> Task statement:
In the entries below, find the lines that contain the word "because" and copy them.

> Records for processing:

(* Let $p$ be a positive random partition ($p_N(\pi)>0$ for all $N,\pi$) that generates the potential for TU games, and let $r^p$ be the restriction operator $$w^{r^p}_{-i}(S,\pi)=\frac{n}{n-s}\sum_{B\in\pi\cup\{\emptyset\}}\frac{p_N(\{S\}\cup\pi_{+i\leadsto B})}{p_{N\setminus\{i\}}(\{S\}\cup\pi)}\,w(S,\pi_{+i\leadsto B}).$$ Then (i) the $r^p$-Shapley value equals the $p$-Shapley value, $\mathrm{Sh}^{r^p}=\mathrm{Sh}^p$, where $$\mathrm{Sh}^p_i(w)=\sum_{(T,\tau)\in\mathcal{E}(N\setminus\{i\})}\Big(p_N(\{T\cup\{i\}\}\cup\tau)\,w(T\cup\{i\},\tau)-\frac{t}{n-t}\sum_{B\in\tau\cup\{\emptyset\}}p_N(\{T\}\cup\tau_{+i\leadsto B})\,w(T,\tau_{+i\leadsto B})\Big);$$ (ii) for TU games, $\mathrm{Sh}^{r^p}(v)=\mathrm{Sh}(v)$ for all $N\subseteq\mathbf{U}$ and all TU games $v$ on $N$.
   Context: $\mathbf{U}$ is a finite set of players; cardinalities of $N,S,T,B$ are $n,s,t,b$. $\Pi(N)$ is the set of partitions of $N$ ($\Pi(\emptyset)=\{\emptyset\}$). A random partition is $p=(p_N)_{N\subseteq\mathbf{U}}$ with $p_N$ a probability distribution on $\Pi(N)$. $\pi_{+i\leadsto B}=(\pi\setminus\{B\})\cup\{B\cup\{i\}\}$ for $B\in\pi$, and $\pi_{+i\leadsto\emptyset}=\pi\cup\{\{i\}\}$. TU game on $N$: $v:2^N\to\mathbb{R}$, $v(\emptyset)=0$. Shapley value: $\mathrm{Sh}_i(v)=\sum_{S\subseteq N\setminus\{i\}}\frac{s!(n-s-1)!}{n!}(v(S\cup\{i\})-v(S))$. Potential: $\mathrm{Pot}(v)=\sum_{\emptyset\ne S\subseteq N}\frac{(s-1)!(n-s)!}{n!}v(S)$. Embedded coalitions $\mathcal{E}(N)=\{(S,\pi):S\subseteq N,\pi\in\Pi(N\setminus S)\}$. A TUX game on $N$ is $w:\mathcal{E}(N)\to\mathbb{R}$ with $w(\emptyset,\pi)=0$; $\mathbb{W}(N)$ is their set; a TU game $v$ is identified with the TUX game $w(S,\pi)=v(S)$. $\mathrm{E}_p(w)=\sum_{\pi\in\Pi(N)}p_N(\pi)\sum_{S\in\pi}w(S,\pi\setminus\{S\})$; $p$ generates the potential for TU games if $\mathrm{E}_p(v)=\mathrm{Pot}(v)$ for all TU games $v$. The formula for $w^{r^p}_{-i}$ is for all $N\subseteq\mathbf{U}$, $w\in\mathbb{W}(N)$, $i\in N$, $(S,\pi)\in\mathcal{E}(N\setminus\{i\})$, and defines $w^{r^p}_{-i}\in\mathbb{W}(N\setminus\{i\})$; this operator is path independent ($(w_{-i})_{-j}=(w_{-j})_{-i}$), so removal of a set $T$ of players, $w^{r^p}_{-T}$, is well defined. For such a path independent restriction operator $r$, the $r$-Shapley value is $\mathrm{Sh}^r(w)=\mathrm{Sh}(v^r_w)$, where $v^r_w(S)=w^r_{-(N\setminus S)}(S,\emptyset)$ for $S\subseteq N$. *)

From mathcomp Require Import all_boot all_order all_algebra.
Set Implicit Arguments. Unset Strict Implicit. Unset Printing Implicit Defensive.
Import Order.TTheory GRing.Theory Num.Theory.
Local Open Scope ring_scope.

Section Defs.
Variables (R : realFieldType) (U : finType).

(* Values of p N outside Pi(N) are irrelevant. *)
Definition random_partition (p : {set U} -> {set {set U}} -> R) : Prop :=
  forall N : {set U},
    (forall pi, partition pi N -> 0 <= p N pi) /\
    \sum_(pi : {set {set U}} | partition pi N) p N pi = 1.

Definition positive_rp (p : {set U} -> {set {set U}} -> R) : Prop :=
  forall N pi, partition pi N -> 0 < p N pi.

(* TU games on N: v : 2^N -> R with v(set0) = 0 (values outside 2^N irrelevant). *)
Definition Pot (N : {set U}) (v : {set U} -> R) : R :=
  \sum_(S : {set U} | (S \subset N) && (S != set0))
     ((#|S|.-1)`! * (#|N| - #|S|)`!)%:R / (#|N|`!)%:R * v S.

Definition Ep (p : {set U} -> {set {set U}} -> R) (N : {set U})
    (w : {set U} -> {set {set U}} -> R) : R :=
  \sum_(pi : {set {set U}} | partition pi N)
     p N pi * \sum_(S in pi) w S (pi :\ S).

Definition tux_of_tu (v : {set U} -> R) : {set U} -> {set {set U}} -> R :=
  fun S _ => v S.

Definition generates_potential (p : {set U} -> {set {set U}} -> R) : Prop :=
  forall (N : {set U}) (v : {set U} -> R), v set0 = 0 ->
    Ep p N (tux_of_tu v) = Pot N v.

(* TUX game on N: w(set0, pi) = 0 for every embedded coalition (set0, pi),
   pi in Pi(N). Values outside E(N) are irrelevant. *)
Definition tux_game (N : {set U}) (w : {set U} -> {set {set U}} -> R) : Prop :=
  forall pi, partition pi N -> w set0 pi = 0.

(* pi_{+i ~> B}; B = set0 means i forms a new singleton block *)
Definition plus_to (pi : {set {set U}}) (i : U) (B : {set U}) : {set {set U}} :=
  if B == set0 then [set i] |: pi else (i |: B) |: (pi :\ B).

Definition restr (p : {set U} -> {set {set U}} -> R) (N : {set U})
    (w : {set U} -> {set {set U}} -> R) (i : U) : {set U} -> {set {set U}} -> R :=
  fun S pi =>
    (#|N|%:R / (#|N| - #|S|)%:R) *
    \sum_(B in pi :|: [set set0])
       (p N (S |: plus_to pi i B) / p (N :\ i) (S |: pi)) * w S (plus_to pi i B).

Fixpoint remove_seq (p : {set U} -> {set {set U}} -> R) (N : {set U})
    (w : {set U} -> {set {set U}} -> R) (s : seq U) : {set U} -> {set {set U}} -> R :=
  match s with
  | [::] => w
  | j :: s' => remove_seq p (N :\ j) (restr p N w j) s'
  end.

(* w_{-T} (removal in the enumeration order of T; path independence makes
   the order irrelevant) *)
Definition remove_set p N w (T : {set U}) := remove_seq p N w (enum T).

Definition Shapley (N : {set U}) (v : {set U} -> R) (i : U) : R :=
  \sum_(S : {set U} | S \subset N :\ i)
     ((#|S|`! * (#|N| - #|S| - 1)`!)%:R / (#|N|`!)%:R) * (v (i |: S) - v S).

Definition v_of (p : {set U} -> {set {set U}} -> R) (N : {set U})
    (w : {set U} -> {set {set U}} -> R) : {set U} -> R :=
  fun S => remove_set p N w (N :\: S) S set0.

Definition rShapley p N w (i : U) : R := Shapley N (v_of p N w) i.

Definition pShapley (p : {set U} -> {set {set U}} -> R) (N : {set U})
    (w : {set U} -> {set {set U}} -> R) (i : U) : R :=
  \sum_(T : {set U} | T \subset N :\ i)
   \sum_(tau : {set {set U}} | partition tau ((N :\ i) :\: T))
     ( p N ((i |: T) |: tau) * w (i |: T) tau
       - (#|T|%:R / (#|N| - #|T|)%:R) *
         \sum_(B in tau :|: [set set0]) p N (T |: plus_to tau i B) * w T (plus_to tau i B)).

End Defs.

From mathcomp Require Import all_boot all_order all_algebra.
From mathcomp.algebra_tactics Require Import ring.
Import Order.TTheory GRing.Theory Num.Theory.
Set Implicit Arguments. Unset Strict Implicit. Unset Printing Implicit Defensive.
Local Open Scope ring_scope.

(* For a nonempty S ⊆ N, removing the players of N ∖ S one by one turns w into
   the TU game whose value at S is the conditional expectation of w(S, π ∖ {S})
   given that S is a block of π ~ p_N.  Indeed, removing a player j ∉ S
   multiplies both Σ_σ p_N({S} ∪ σ) w(S, σ) and the probability
   Σ_σ p_N({S} ∪ σ) that S is a block by n/(n - s): the first because
   (σ', B) ↦ σ'_{+j⇝B} enumerates the partitions of N ∖ S exactly once, the
   second because generating the potential forces that probability to be
   (s - 1)!(n - s)!/n!.  With these values the Shapley weight s!(n - s - 1)!/n!
   turns the two conditional expectations into the two terms of Sh^p, and for a
   TU game the conditional expectation of v(S) is v(S). *)

Section SetFacts.
Variable U : finType.
Implicit Types (A B N S : {set U}) (s : seq U).

Lemma setUD_subset A B : B \subset A -> B :|: A :\: B = A.
Proof. by move=> BA; rewrite -{2}(setID A B) (setIidPr BA). Qed.

Lemma setD1_notin (T : finType) (A : {set T}) a : a \notin A -> A :\ a = A.
Proof. by move=> aA; apply/setDidPl; rewrite disjoint_sym disjoints1. Qed.

Lemma setU1_neq0 j B : j |: B != set0.
Proof. by apply/set0Pn; exists j; rewrite setU11. Qed.

Lemma setD1_setDC N S j : (N :\ j) :\: S = (N :\: S) :\ j.
Proof. by rewrite setDDl setUC -setDDl. Qed.

Lemma setU1_setD1D N S j : j \in N -> j \notin S -> j |: ((N :\ j) :\: S) = N :\: S.
Proof. by move=> jN jS; rewrite setD1_setDC setD1K // inE jS. Qed.

Lemma setD1D_notin N S j : j \notin (N :\ j) :\: S.
Proof. by rewrite in_setD setD11 andbF. Qed.

Lemma eq_mem_behead s A j : uniq (j :: s) -> j :: s =i A -> s =i A :\ j.
Proof.
move=> /andP[js _] sA x; rewrite in_setD1 -sA in_cons.
by have [->|] := eqVneq x j; first exact: negbTE.
Qed.

End SetFacts.

Section Partitions.
Variable U : finType.
Implicit Types (X N S B : {set U}) (sigma tau : {set {set U}}).

Lemma partitionU1_setD N S sigma : S != set0 -> S \subset N ->
  partition sigma (N :\: S) -> partition (S |: sigma) N.
Proof.
move=> S0 SN hsigma; rewrite -(setUD_subset SN).
by apply: partitionU1 => //; rewrite disjoints_subset setDE setCI setCK subsetUr.
Qed.

Lemma partition_setD_notin N S sigma : S != set0 ->
  partition sigma (N :\: S) -> S \notin sigma.
Proof.
move=> S0 hsigma; apply: contra S0 => /(partitionS hsigma)/subsetDP[_].
by move/disjoint_setI0; rewrite setIid => ->.
Qed.

Lemma plus_toE tau j B : set0 \notin tau -> plus_to tau j B = (j |: B) |: (tau :\ B).
Proof.
by move=> tau0; rewrite /plus_to; case: eqVneq => // ->; rewrite setU0 setD1_notin.
Qed.

Lemma partition_plus_to X tau j B : j \notin X -> partition tau X ->
  B \in tau :|: [set set0] -> partition (plus_to tau j B) (j |: X).
Proof.
move=> jX htau; rewrite /plus_to; have [-> _|B0] := eqVneq B set0.
  by apply: partitionU1; rewrite ?disjoints1 // -[[set j]]setU0 setU1_neq0.
rewrite !inE (negbTE B0) orbF => Btau.
rewrite -(setUD_subset (partitionS htau Btau)) setUA.
apply: partitionU1 (partitionD1 htau Btau) (setU1_neq0 _ _) _.
rewrite -setI_eq0; apply/eqP/setP=> x; rewrite !inE.
by have [->|] := eqVneq x j; [rewrite (negbTE jX) andbF | case: (x \in B)].
Qed.

Definition unplus_to sigma j :=
  let B := pblock sigma j :\ j in ((B |: (sigma :\ pblock sigma j)) :\ set0, B).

> Completed exercise:
   Σ_σ p_N({S} ∪ σ) that S is a block by n/(n - s): the first because
   second because generating the potential forces that probability to be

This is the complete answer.